Early on the morning of August 27, 1891 (at around 12:45 am), just one week before the fall term was scheduled to begin, the Cheney fire department responded to a blaze at the State Normal School. According to the Spokane Daily Chronicle, fire officials believed the fire began when a leaking hydrant soaked a pile of lime next to the building, where new construction at the building site was underway. J. Orin Oliphant, writing the institution's first published history in 1924, cited the reminiscences of a Cheney resident in claiming that "the fire started on the northeast side, in a heated mortar bed, which was too close to the wooden basement wall." According to the Chronicle, the fire department arrived on the scene almost immediately, but the flames consumed the building so quickly that "the efforts of the firemen were useless."

==Immediate impact==

The Pomeroy Block, where the State Normal School at Cheney was temporarily located from 1891–1893 (photo taken ca. 1915)

The building, then valued at $10,000, burned to the ground as a total loss. It had contained a large number of new books and materials, along with a brand new piano, that had just been acquired for the upcoming school year. Since the structure had contained the entire institution, the school had to make arrangements to resume classes in another building while the state debated an appropriation to rebuild. The university had an insurance policy on the building, but the policy had been made payable to the Washington State Legislature instead of to the school itself. This left the university in limbo without any funding to rebuild.

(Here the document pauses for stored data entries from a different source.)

Lemma arc_cosh_param (m r : R) : 0 < r -> cosh_param (arc m r).
Proof.
  intros Hr. split.
  - intros t. unfold arc, arc_point; cbn [snd]. pose proof (exp_pos t).
    apply Rdiv_lt_0_compat; nra.
  - intros s t. unfold two_cosh, arc, arc_point, Rminus; cbn [fst snd].
    rewrite !exp_plus, !exp_Ropp.
    pose proof (exp_pos s). pose proof (exp_pos t).
    set (ws := exp s) in *. set (wt := exp t) in *. clearbody ws wt.
    field. repeat split; nra.
Qed.

Lemma arc_ln (m r w : R) : 0 < w -> arc m r (ln w) = arc_point m r w.
Proof. intros Hw. unfold arc. rewrite exp_ln; auto. Qed.

Lemma hgeod_point (x0 x1 : H2pt) (c : R -> H2pt) (t : R) :
  hgeod x0 x1 c -> 0 <= t <= 1 ->
  0 < snd (c t) /\ dH x0 (c t) = t * dH x0 x1 /\
  dH x0 (c t) + dH (c t) x1 = dH x0 x1.
Proof.
  intros (H0 & H1 & Hd) Ht.
  destruct (Hd 0 t ltac:(lra) Ht) as [Hpos Hleft].
  destruct (Hd t 1 Ht ltac:(lra)) as [_ Hright].
  rewrite H0 in Hleft. rewrite H1 in Hright.
  rewrite Hleft, Hright, !Rabs_left1 by lra. split; [exact Hpos | split; ring].
Qed.

Lemma inv_sum_eq_frac (x p q : R) : 0 < x -> 0 < q -> x + / x = p / q -> q * (x * x + 1) = x * p.
Proof.
  intros Hx Hq H.
  replace (q * (x * x + 1)) with ((x + / x) * (x * q)) by (field; lra).
  rewrite H. field. lra.
Qed.

Lemma vertical_between (m al be u v : R) : 0 < al < be -> 0 < v ->
  dH (m, al) (u, v) = dH (m, al) (m, be) + dH (m, be) (u, v) -> u = m.
Proof.
  intros Hab Hv Hsum.
  set (F := exp (dH (m, be) (u, v))).
  assert (HAX : exp (dH (m, al) (m, be)) = be / al).
  { rewrite dH_vertical by lra. apply exp_ln, Rdiv_lt_0_compat; lra. }
  assert (HAD : exp (dH (m, al) (u, v)) = be / al * F) by (rewrite Hsum, exp_plus, HAX; reflexivity).
  destruct (exp_dH (m, be) (u, v)) as [HF1 HF]; cbn [snd]; try lra.
  destruct (exp_dH (m, al) (u, v)) as [_ HG]; cbn [snd]; try lra.
  fold F in HF1, HF. rewrite HAD in HG. unfold two_cosh in HF, HG; cbn [fst snd] in HF, HG.
  apply inv_sum_eq_frac in HF; [|lra|nra].
  apply inv_sum_eq_frac in HG; [|apply Rmult_lt_0_compat; [apply Rdiv_lt_0_compat|]; lra|nra].
  clearbody F.
  assert (HG' : v * (be^2 * F^2 + al^2) = be * F * ((m - u)^2 + al^2 + v^2)).
  { replace (v * (be^2 * F^2 + al^2)) with (al * (al * v * (be / al * F * (be / al * F) + 1)))
      by (field; lra).
    rewrite HG. field. lra. }
  assert (HvF : v = be * F).
  { assert (Hprod : (be^2 - al^2) * (v - be * F) = 0) by nra.
    destruct (Rmult_integral _ _ Hprod); nra. }
  assert (Hx0 : F * (m - u)^2 = 0) by (subst v; nra).
  assert (Hsq : (m - u)^2 = 0) by (destruct (Rmult_integral _ _ Hx0); lra).
  nra.
Qed.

The community immediately helped to secure a location by September 2, 1891, so the normal school could open in time for the fall term. There are some discrepancies in available sources regarding exactly what arrangements were made. Oliphant indicates that, for the first week of the term, the trustees of Cheney's public school offered the temporary use of their building until more permanent accommodations could be found; in contrast, the August 28, 1891 edition of the Seattle Post-Intelligencer claims that by that date, the normal school's Board of Trustees had already made arrangements for rented storefronts in downtown Cheney. Regardless, sources agree that by the end of the term's first week the normal school had set up in rented space in the Pomeroy building in downtown Cheney. The temporary school "location was poor, the rooms small, and the hallways dark and narrow," but despite that reality, the normal school remained in operation there until 1893.

==Long-term impact==

The loss of the building, which was under-insured, threw the future of the school into doubt. Established originally as an academy by a private endowment from Benjamin Pierce Cheney, the school had only begun to operate as a normal school in October 1890. Funding normal schools in the state had been a contentious budget issue. Governor McGraw exercised his veto in the spring of 1893 to hold back $85,000 of funds that had been approved by the legislature to rebuild the school; the veto was widely derided by newspaper editorials around the state, including pieces in the Cheney Sentinel, the Seattle Post-Intelligencer, and the Seattle Telegraph.

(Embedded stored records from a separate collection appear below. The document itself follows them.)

Lemma tiling_step j : x j = 1 ->
  ~ stuck (modR a (t + b * IZR j)) /\
  exists j', x j' = 1 /\ t + b * IZR j' = t + b * IZR j + step (modR a (t + b * IZR j)).
Proof.
  intros Hxj.
  set (w := t + b * IZR j). set (u := modR a w). set (K := Rfloor (w / a)).
  destruct (modR_spec a a_pos w) as [Hu Ew]. fold u K in Hu, Ew.
  assert (HK : Mentry a b c t K j = 1) by (apply Mentry_one; fold w; lra).
  destruct (x_tiles (K + 1)%Z) as [j' [[HK' Hxj'] _]].
  apply Mentry_one in HK'. rewrite plus_IZR in HK'.
  assert (Hfar : a * IZR K + c <= t + b * IZR j').
  { destruct (Rle_or_lt (a * IZR K + c) (t + b * IZR j')) as [Hl|Hl]; [exact Hl|exfalso].
    assert (HK'' : Mentry a b c t K j' = 1) by (apply Mentry_one; nra).
    destruct (x_tiles K) as [j0 [_ Hu0]].
    assert (j = j') as <- by (rewrite <- (Hu0 j), <- (Hu0 j'); auto).
    fold w in HK'. lra. }
  destruct (step_unique u (j' - j) Hu) as [Hfree Hstep].
  { rewrite minus_IZR. unfold w in Ew. split; nra. }
  split; [exact Hfree|]. exists j'. split; [exact Hxj'|]. fold w u.
  rewrite <- Hstep, minus_IZR. unfold w. ring.
Qed.

Lemma tiling_orbit : in_B0 x -> forall k, exists j, x j = 1 /\
  Nat.iter k (Rmap a b c) t = t + b * IZR j.
Proof.
  intros [_ Hx0] k. induction k as [|k [j [Hxj Ej]]].
  - exists 0%Z. split; [exact Hx0| simpl; ring].
  - destruct (tiling_step j Hxj) as [Hfree [j' [Hxj' Ej']]].
    exists j'. split; [exact Hxj'|]. simpl. rewrite Ej, Rmap_free by exact Hfree.
    symmetry. exact Ej'.
Qed.

End Tiling.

In response, the residents of Cheney voted overwhelmingly (262-13 in favor) for a bond measure to finance the building of a public school building, which the city would loan to the State Normal School until such time as its own building could be erected. The principal of the State Normal School at Cheney, William J. Sutton, described the loaned building as "a commodious 2-storied brick building ... one of the most complete and convenient school buildings in the state. It will be supplied with water from the city water works, with electric light, electric bells and heated by steam." The normal school would occupy this loaned public school building from the fall of 1893 until 1896.

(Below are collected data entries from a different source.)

(* Let $\mathcal{C}$ be an $\mathbb{F}_q\mathcal{R}$-skew cyclic code of length $(\alpha,\beta)$, viewed inside $R_{\alpha,\beta}$, and let $M=\{t(x)\in\mathcal{R}[x;\theta]/\langle x^\beta-1\rangle : (m(x),t(x))\in\mathcal{C}\text{ for some } m(x)\in\mathbb{F}_q[x;\Theta]/\langle x^\alpha-1\rangle\}$. Then $M$ is a left $\mathcal{R}[x;\theta]$-submodule of $\mathcal{R}[x;\theta]/\langle x^\beta-1\rangle$ which is generated by a single element.
   Context: Let $p$ be a prime, $q=p^m$, $\mathcal{R}=\mathbb{F}_q[u]/\langle u^2-u\rangle$. Fix $i$; $\Theta(a)=a^{p^i}$ on $\mathbb{F}_q$ and $\theta(a+ub)=a^{p^i}+ub^{p^i}$ on $\mathcal{R}$; $\eta(a+ub)=a$. $\mathbb{F}_q[x;\Theta]$, $\mathcal{R}[x;\theta]$ are skew polynomial rings with multiplication determined by $(ax^i)(bx^j)=a\Theta^i(b)x^{i+j}$ (resp. with $\theta$). $R_{\alpha,\beta}=\mathbb{F}_q[x;\Theta]/\langle x^\alpha-1\rangle\times\mathcal{R}[x;\theta]/\langle x^\beta-1\rangle$, identified with $\mathbb{F}_q^\alpha\times\mathcal{R}^\beta$ via coefficient vectors, is a left $\mathcal{R}[x;\theta]$-module via $r(x)*(k(x),t(x))=(\eta(r(x))k(x),r(x)t(x))$ ($\eta$ coefficientwise, reduction modulo $x^\alpha-1$, $x^\beta-1$). An $\mathbb{F}_q\mathcal{R}$-skew cyclic code of length $(\alpha,\beta)$ is an $\mathcal{R}$-submodule $\mathcal{C}$ of $\mathbb{F}_q^\alpha\times\mathcal{R}^\beta$ (with $s*(x,y)=(\eta(s)x,sy)$ componentwise) closed under $\sigma(x_0,\dots,x_{\alpha-1},y_0,\dots,y_{\beta-1})=(\Theta(x_{\alpha-1}),\Theta(x_0),\dots,\Theta(x_{\alpha-2}),\theta(y_{\beta-1}),\theta(y_0),\dots,\theta(y_{\beta-2}))$; equivalently a left $\mathcal{R}[x;\theta]$-submodule of $R_{\alpha,\beta}$. *)

From HB Require Import structures.
From mathcomp Require Import all_boot all_order all_algebra.
From mathcomp Require Import ring.
Set Implicit Arguments. Unset Strict Implicit. Unset Printing Implicit Defensive.
Import GRing.Theory.
Local Open Scope ring_scope.

(* ---------- The ring  R = F[u]/<u^2 - u>,  element a + u b  stored as (a, b) ---- *)
Record Ru (F : Type) := mkRu { ra : F; rb : F }.
Arguments mkRu {F}.

Section RuRing.
Variable F : fieldType.

Definition ru2p (x : Ru F) : F * F := (ra x, rb x).
Definition p2ru (y : F * F) : Ru F := mkRu y.1 y.2.
Lemma ru2pK : cancel ru2p p2ru. Proof. by case. Qed.

HB.instance Definition _ := Equality.copy (Ru F) (can_type ru2pK).
HB.instance Definition _ := Choice.copy (Ru F) (can_type ru2pK).

Definition ru_zero : Ru F := mkRu 0 0.
Definition ru_add (x y : Ru F) := mkRu (ra x + ra y) (rb x + rb y).
Definition ru_opp (x : Ru F) := mkRu (- ra x) (- rb x).

Lemma ru_addA : associative ru_add.
Proof. by case=> ? ?; case=> ? ?; case=> ? ?; rewrite /ru_add /=; congr mkRu; ring. Qed.
Lemma ru_addC : commutative ru_add.
Proof. by case=> ? ?; case=> ? ?; rewrite /ru_add /=; congr mkRu; ring. Qed.
Lemma ru_add0 : left_id ru_zero ru_add.
Proof. by case=> ? ?; rewrite /ru_add /=; congr mkRu; ring. Qed.
Lemma ru_addN : left_inverse ru_zero ru_opp ru_add.
Proof. by case=> ? ?; rewrite /ru_add /=; congr mkRu; ring. Qed.

HB.instance Definition _ := GRing.isZmodule.Build (Ru F) ru_addA ru_addC ru_add0 ru_addN.

(* (a + u b)(c + u d) = ac + u (ad + bc + bd), using u^2 = u *)
Definition ru_one : Ru F := mkRu 1 0.
Definition ru_mul (x y : Ru F) :=
  mkRu (ra x * ra y) (ra x * rb y + rb x * ra y + rb x * rb y).

Lemma ru_mulA : associative ru_mul.
Proof. by case=> ? ?; case=> ? ?; case=> ? ?; rewrite /ru_mul /=; congr mkRu; ring. Qed.
Lemma ru_mulC : commutative ru_mul.
Proof. by case=> ? ?; case=> ? ?; rewrite /ru_mul /=; congr mkRu; ring. Qed.
Lemma ru_mul1 : left_id ru_one ru_mul.
Proof. by case=> ? ?; rewrite /ru_mul /=; congr mkRu; ring. Qed.
Lemma ru_mulDl : left_distributive ru_mul ru_add.
Proof. by case=> ? ?; case=> ? ?; case=> ? ?; rewrite /ru_mul /ru_add /=; congr mkRu; ring. Qed.
Lemma ru_one_neq0 : ru_one != ru_zero.
Proof. by apply/eqP => -[] /eqP; rewrite oner_eq0. Qed.

HB.instance Definition _ := GRing.Zmodule_isComNzRing.Build (Ru F)
  ru_mulA ru_mulC ru_mul1 ru_mulDl ru_one_neq0.

Definition ru_u : Ru F := mkRu 0 1.
Definition ru_lift (f : F -> F) (x : Ru F) : Ru F := mkRu (f (ra x)) (f (rb x)).
Definition eta (x : Ru F) : F := ra x.
End RuRing.

Definition Theta (F : fieldType) (p i : nat) (a : F) : F := a ^+ (p ^ i).
Definition theta (F : fieldType) (p i : nat) (x : Ru F) : Ru F :=
  ru_lift (Theta p i) x.

(* sigma_f (v_0,...,v_{n-1}) = (f v_{n-1}, f v_0, ..., f v_{n-2}) *)
Definition twshift (T : Type) (n : nat) (f : T -> T) (v : 'rV[T]_n) : 'rV[T]_n :=
  \row_(j < n) f (v 0 (ord_pred j)).

Definition sigmaFR (F : fieldType) (p i a b : nat)
    (c : 'rV[F]_a * 'rV[Ru F]_b) : 'rV[F]_a * 'rV[Ru F]_b :=
  (twshift (Theta p i) c.1, twshift (theta p i) c.2).

Definition scaleFR (F : fieldType) (a b : nat) (s : Ru F)
    (c : 'rV[F]_a * 'rV[Ru F]_b) : 'rV[F]_a * 'rV[Ru F]_b :=
  (map_mx (fun z => eta s * z) c.1, map_mx (fun z => s * z) c.2).

Definition skew_cyclic_code (F : fieldType) (p i a b : nat)
    (C : 'rV[F]_a * 'rV[Ru F]_b -> Prop) : Prop :=
  [/\ C (0, 0),
      (forall c d, C c -> C d -> C (c.1 + d.1, c.2 + d.2)),
      (forall s c, C c -> C (scaleFR s c)) &
      (forall c, C c -> C (sigmaFR p i c))].

(* Elements of R[x;theta] are stored by their coefficient sequence in {poly R};
   the multiplication is the skew one: (a x^i)(b x^j) = a theta^i(b) x^(i+j). *)
Definition skmul (R : nzRingType) (th : R -> R) (f g : {poly R}) : {poly R} :=
  \poly_(k < (size f + size g).-1)
    \sum_(i < k.+1) f`_i * iter i th (g`_(k - i)).

(* Reduction modulo x^n - 1 (left ideal generated by x^n - 1) to the coefficient
   vector in R^n:  x^k == x^(k mod n). *)
Definition redmod (R : nzRingType) (n : nat) (h : {poly R}) : 'rV[R]_n :=
  \row_(k < n) \sum_(0 <= j < size h | (j %% n)%N == k :> nat) h`_j.

Definition rep (R : nzRingType) (n : nat) (t : 'rV[R]_n) : {poly R} :=
  Poly [seq t 0 k | k <- enum 'I_n].

Definition skact (R : nzRingType) (th : R -> R) (n : nat)
    (r : {poly R}) (t : 'rV[R]_n) : 'rV[R]_n :=
  redmod n (skmul th r (rep t)).

Definition left_submodule (R : nzRingType) (th : R -> R) (n : nat)
    (M : 'rV[R]_n -> Prop) : Prop :=
  [/\ M 0,
      (forall t1 t2, M t1 -> M t2 -> M (t1 + t2)) &
      (forall r t, M t -> M (skact th r t))].

Definition singly_generated (R : nzRingType) (th : R -> R) (n : nat)
    (M : 'rV[R]_n -> Prop) : Prop :=
  exists g : 'rV[R]_n, forall t, M t <-> exists r : {poly R}, t = skact th r g.

From HB Require Import structures.
From mathcomp Require Import all_boot all_order all_algebra all_field.
From mathcomp Require Import zify.
From Stdlib Require Import Classical.
Set Implicit Arguments. Unset Strict Implicit. Unset Printing Implicit Defensive.
Import GRing.Theory.
Local Open Scope ring_scope.

(* Since u^2 = u, the map a + u b |-> (a, a + b) identifies R with F x F (the
   idempotents being 1 - u and u), and both coordinates intertwine theta with
   Theta.  Hence M projects onto two subspaces of F^beta that are stable under
   the Theta-twisted cyclic shift.  Over a field such a subspace is spanned by
   the twisted shifts of a nonzero element g whose last nonzero coordinate has
   the least possible index: since Theta kills no nonzero element, the shifts
   of g cancel the top coordinate of any other element, and one concludes by
   induction on that index.  Lifting generators t1, t2 of the two projections
   to M, the element (1 - u) t1 + u t2 generates M, because r(x) acts on t as
   sum_i r_i sigma^i(t). *)

Lemma ex_minimal (P : nat -> Prop) :
  (exists n, P n) -> exists n, P n /\ forall m, (m < n)%N -> ~ P m.
Proof.
case=> n; elim/ltn_ind: n => n IH Pn.
have [[m [lt_mn Pm]] | no_smaller] := classic (exists m, (m < n)%N /\ P m).
  exact: IH Pm.
by exists n; split=> // m lt_mn Pm; apply: no_smaller; exists m.
Qed.

Lemma iter_closed (T : Type) (P : T -> Prop) (f : T -> T) j x :
  (forall y, P y -> P (f y)) -> P x -> P (iter j f x).
Proof. by move=> Pf Px; elim: j => //= j; apply: Pf. Qed.

Section CyclicIndex.
Variable n : nat.
Implicit Types (j : nat) (k x : 'I_n).

Lemma iter_ord_predK j k : ((iter j (@ord_pred n) k + j) %% n)%N = k.
Proof.
elim: j => [|j IH] /=; first by rewrite addn0 modn_small.
set y := iter j _ k in IH *; rewrite -[in RHS]IH -[in RHS](ord_predK y) /=.
by rewrite [RHS]modnDml addSnnS modnDml.
Qed.

Lemma iter_ord_pred_eq j k x : ((x + j) %% n)%N = k -> x = iter j (@ord_pred n) k.
Proof.
move=> xjk; apply: val_inj; rewrite /= -(modn_small (ltn_ord x)).
rewrite -[RHS](modn_small (ltn_ord (iter j _ k))).
by apply/eqP; rewrite -(eqn_modDr j) xjk iter_ord_predK.
Qed.

Lemma val_iter_ord_pred j k : (j <= k)%N -> iter j (@ord_pred n) k = (k - j)%N :> nat.
Proof.
move=> le_jk; have lt_kj_n : (k - j < n)%N by rewrite (leq_ltn_trans (leq_subr _ _)).
by rewrite -(@iter_ord_pred_eq j k (Ordinal lt_kj_n)) //= subnK // modn_small.
Qed.

Lemma iter_twshift (T : Type) (f : T -> T) j (v : 'rV[T]_n) k :
  iter j (twshift f) v 0 k = iter j f (v 0 (iter j (@ord_pred n) k)).
Proof.
elim: j k => [|j IH] k //=.
by rewrite mxE IH -iterSr.
Qed.

End CyclicIndex.

Section SkewAction.
Variables (R : nzRingType) (th : R -> R) (n : nat).
Hypothesis th0 : th 0 = 0.

Lemma coef_skmul f g k :
  (skmul th f g)`_k = \sum_(0 <= i < k.+1) f`_i * iter i th g`_(k - i).
Proof.
rewrite big_mkord /skmul coef_poly; case: ltnP => // le_fg_k.
symmetry; apply: big1 => i _.
have [lt_i_f | le_f_i] := ltnP i (size f); last by rewrite nth_default ?mul0r.
rewrite [g`_ _]nth_default ?iter_fix ?mulr0 //.
by move: le_fg_k lt_i_f; case: i => i /= _; lia.
Qed.

Lemma coef_rep (t : 'rV[R]_n) (k : 'I_n) : (rep t)`_k = t 0 k.
Proof. by rewrite coef_Poly (nth_map k) ?size_enum_ord // nth_ord_enum. Qed.

Lemma coef_rep_ge (t : 'rV[R]_n) l : (n <= l)%N -> (rep t)`_l = 0.
Proof. by move=> le_n_l; rewrite coef_Poly nth_default // size_map size_enum_ord. Qed.

Lemma redmodE (h : {poly R}) B k : (size h <= B)%N ->
  redmod n h 0 k = \sum_(0 <= j < B | (j %% n)%N == k) h`_j.
Proof.
move=> le_h_B; rewrite mxE [RHS](big_cat_nat (leq0n _) le_h_B) /=.
rewrite [X in _ = _ + X]big1_seq ?addr0 //.
by move=> j /andP[_]; rewrite mem_index_iota => /andP[le_h_j _]; rewrite nth_default.
Qed.

Lemma sum_mod_shift (G : nat -> R) i (k : 'I_n) B :
    (forall l, (n <= l)%N -> G l = 0) -> (i + n <= B)%N ->
  \sum_(0 <= j < B | ((j %% n)%N == k) && (i <= j)%N) G (j - i)%N
    = G (iter i (@ord_pred n) k).
Proof.
move=> G_ge le_B.
have le_n_Bi : (n <= B - i)%N by rewrite leq_subRL ?(leq_trans (leq_addr n i)).
rewrite big_mkord.
rewrite -(big_geq_mkord (op := +%R) _ _ (fun j => (j %% n)%N == k) (fun j => G (j - i)%N)).
rewrite -{1}[i]add0n big_addn (big_cat_nat (leq0n _) le_n_Bi) /=.
rewrite [X in _ + X]big1_seq ?addr0 => [|l /andP[_]]; last first.
  by rewrite mem_index_iota addnK => /andP[/G_ge].
rewrite big_mkord (big_pred1 (iter i (@ord_pred n) k)) /= ?addnK // => x /=.
by apply/eqP/eqP => [/iter_ord_pred_eq|->]; last by rewrite iter_ord_predK.
Qed.

Lemma skactE (r : {poly R}) (t : 'rV[R]_n) K : (size r <= K)%N ->
  skact th r t = \sum_(i < K) r`_i *: iter i (twshift th) t.
Proof.
move=> le_r_K; apply/rowP => k; rewrite summxE.
set h := skmul th r (rep t); set B := (size h + K + n)%N.
have le_h_B : (size h <= B)%N by rewrite /B; lia.
have le_K_B : (K <= B)%N by rewrite /B; lia.
rewrite /skact (redmodE _ le_h_B) big_nat_cond.
under eq_bigr => j /andP[/andP[_ lt_j_B] _].
  rewrite coef_skmul (big_nat_widen _ _ _ _ _ lt_j_B).
over.
rewrite -big_nat_cond (exchange_big_dep_nat xpredT) //= (big_cat_nat (leq0n K) le_K_B) /=.
rewrite [X in _ + X]big1_seq ?addr0 => [|i /andP[_]]; last first.
  rewrite mem_index_iota => /andP[le_K_i _]; apply: big1 => j _.
  by rewrite nth_default ?mul0r // (leq_trans le_r_K).
rewrite big_mkord; apply: eq_bigr => i _.
rewrite (@sum_mod_shift (fun l => r`_i * iter i th (rep t)`_l)) => [|l le_n_l|].
- by rewrite coef_rep !mxE iter_twshift.
- by rewrite coef_rep_ge // iter_fix ?mulr0.
- by rewrite /B; move: (ltn_ord i); lia.
Qed.
End SkewAction.

Definition twshift_span (K : nzRingType) (Th : K -> K) n (g w : 'rV[K]_n) :=
  exists c : nat -> K, w = \sum_(i < n) c i *: iter i (twshift Th) g.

Governor McGraw's biennial budget priorities for 1895 remained opposed to the rebuilding of the State Normal School at Cheney: in his annual message, McGraw emphasized that "it was owing to no personal feeling or antipathy of opinion that the veto power was exercised in the cases of the Cheney and Whatcom Normal Schools," but reiterated his conviction that the people of the state should not be required to pay additional taxes for the requested construction work. McGraw's resolve weakened, however: he was influenced in part by the opinion of C. W. Bean, the state superintendent of public instruction (whose research had concluded that McGraw's preferred model of a single central state normal school had not succeeded in other states). Perhaps as importantly, McGraw had been impressed by the survival and increasing enrollment numbers reported by the State Normal School at Cheney, which, as it had been achieved during years in temporary quarters with meager appropriations from the state, indicated the overall health of the institution. When the legislature passed a bill in March 1895 authorizing $60,000 for the construction of a new normal school building in Cheney, McGraw added his assent, and the construction was scheduled to begin.

Infighting between the citizens of Cheney and the normal school's administration, as well as disputes over the new construction, ultimately delayed the opening of the state's new building until 1897. The controversy brought a new newspaper to town, the Cheney Free Press, which was established "to support the interests of the Normal School administration."